I'm currently playing with Apache Arrow's java API (though I use it from Scala for the code samples) to get some familiarity with this tool.
As an exercise, I chose to load a CSV file into arrow vectors and then to save these to an arrow file. The first part seemed easy enough, and I tried it like this:
val csvLines: Stream[Array[String]] = <open stream from CSV parser>
// There are other types of allocator, but things work with this one...
val allocator = new RootAllocator(Int.MaxValue)
// Initialize the vectors
val vectors = initVectors(csvLines.head, allocator)
// Put their mutators into an array for easy access
val mutators = vectors.map(_.getMutator)
// Work on the data, zipping it with its index
Stream.from(0)
.zip(csvLines.tail) // Work on the tail (head contains the headers)
.foreach(rowTup => // rowTup = (index, csvRow as an Array[String])
Range(0, rowTup._2.size) // Iterate on each column...
.foreach(columnNumber =>
writeToMutator(
mutators(columnNumber), // get that column's mutator
idx=rowTup._1, // pass the current row number
data=rowTup._2(columnNumber) // pass the entry of the curernt column
)
)
)
With initVectors()
and writeToMutator()
defined as:
def initVectors(
columns: Array[String],
alloc: RootAllocator): Array[NullableVarCharVector] = {
// Initialize a vector for each column
val vectors = columns.map(colName =>
new NullableVarCharVector(colName, alloc))
// 4096 size, for 1024 values initially.
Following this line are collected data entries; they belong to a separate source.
Lemma card_spread_eq (V : {set 'I_n}) (y : 'I_K) :
  #|[set i in V | spread V i == y]| <= (#|V| + k) %/ K.
Proof.
set R := [set i in V | _]; set q := (#|V| + k) %/ K.
pose idx i := index i (enum V).
have idx_lt i : i \in V -> idx i < #|V| by rewrite cardE index_mem mem_enum.
suff : size (map idx (enum R)) <= size [seq y + t * K | t <- iota 0 q].
  by rewrite !size_map size_iota cardE.
apply: uniq_leq_size.
  rewrite map_inj_in_uniq ?enum_uniq // => i j; rewrite !mem_enum !inE.
  by move=> /andP[iV _] /andP[jV _]; apply: (index_inj i); rewrite mem_enum.
move=> z /mapP[i]; rewrite mem_enum inE => /andP[iV /eqP yi] ->.
have idx_mod : idx i %% K = y by rewrite -yi ffunE inordK // ltn_mod.
apply/mapP; exists (idx i %/ K); last by rewrite -idx_mod addnC -divn_eq.
have : (idx i + 1 * K) %/ K <= q by apply: leq_div2r; have := idx_lt i iV; lia.
by rewrite mem_iota divnDMl // addn1.
Qed.

Lemma forces_mistakes_step T m m' : m' + (m + k) %/ K <= m ->
  forces_mistakes T m' -> forces_mistakes T.+1 m.
Proof.
move=> hm HT h V hV.
pose x := spread V; pose yh := L h x.
pose R := [set i in V | x i == yh].
have RV : R \subset V by apply/fintype.subsetP => i; rewrite inE => /andP[].
have cardR : #|R| <= (#|V| + k) %/ K := card_spread_eq V yh.
have cardVR : m' <= #|V :\: R|.
  rewrite cardsD (finset.setIidPr RV).
  have := leq_divD_addr (m + k) (#|V| - m) (ltn0Sn k).
  have -> : m + k + (#|V| - m) = #|V| + k by lia.
  lia.
have [S [i [iVR em le_TS]]] := HT (rcons h (x, yh, false)) _ cardVR.
move: iVR; rewrite !inE => /andP[/nandP[/negP//|xi_yh] iV].
exists ((x, x i) :: S), i; split => //; first by rewrite /expert_mistakes /= eqxx.
by rewrite /= -/yh eq_sym (negbTE xi_yh).
Qed.

Lemma forces_mistakes_phase T m c p : (m + p * c + k) %/ K <= c ->
  forces_mistakes T m -> forces_mistakes (T + p) (m + p * c).
Proof.
elim: p => [|p IH] hc HT; first by rewrite addn0 mul0n addn0.
rewrite addnS; apply: (forces_mistakes_step (m' := m + p * c)); last first.
  apply: IH HT; apply: leq_trans hc; apply: leq_div2r; rewrite mulSn; lia.
move: hc; rewrite mulSn; lia.
Qed.

Lemma forces_mistakes_pow2 j : forces_mistakes (K./2 * j) (K * 2 ^ j).
Proof.
elim: j => [|j IH].
  by rewrite muln0 expn0 muln1; apply: forces_mistakes_le forces_mistakes0.
have half_le : K./2 * 2 <= K by rewrite muln2 -{2}(odd_double_half K) leq_addl.
have phase_le : K * 2 ^ j + K./2 * 2 ^ j.+1 <= K * 2 ^ j.+1.
  by rewrite expnS; have := leq_mul half_le (leqnn (2 ^ j)); nia.
rewrite mulnS addnC; apply: (forces_mistakes_le phase_le).
apply: forces_mistakes_phase IH.
apply: leq_trans (leq_div2r K (leq_add phase_le (leqnn k))) _.
by rewrite mulnC divnMDl // divn_small ?addn0.
Qed.

Lemma adversary_halving r j : K * 2 ^ j <= n ->
  exists2 S, @P_r n K r S & K./2 * j <= mistakes L S.
Proof.
move=> hn; have hV : K * 2 ^ j <= #|[set: 'I_n]| by rewrite cardsT card_ord.
have [S [i [_ em le_jS]]] := @forces_mistakes_pow2 j [::] _ hV.
by exists S => //; exists i; rewrite em.
Qed.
This is arbitrary
vectors.foreach(_.allocateNew(2^12,1024))
vectors
}
def writeToMutator(
mutator: NullableVarCharVector#Mutator,
idx: Int,
data: String): Unit = {
// The CSV may contain null values
if (data != null) {
val bytes = data.getBytes()
mutator.setSafe(idx, bytes, 0, bytes.length)
}
mutator.setNull(idx)
}
(I currently don't care about using the correct type, and store everything as strings, or VarChar
in arrow's terns)
So at this point I have a collection of NullableVarCharVector
and can read and write from/to them. Everything great at this point. Now, for the next step, though, I was left wondering about how to actually wrap them together and serialize them to an arrow file. I stumbled on an AbstractFieldWriter
abstract class, but how to use the implementations is unclear.
So, the question mainly is:
- what is the (best? – there seem to be multiple ones) way to save a bunch of vectors to an arrow file.
- are there other ways of loading CSV columns to arrow vectors?
edited to add: The metadata description page provides a good general overview on that topic.
The api's test classes seem to contain a few things that could help, I'll post a reply with a sample once I've tried it out.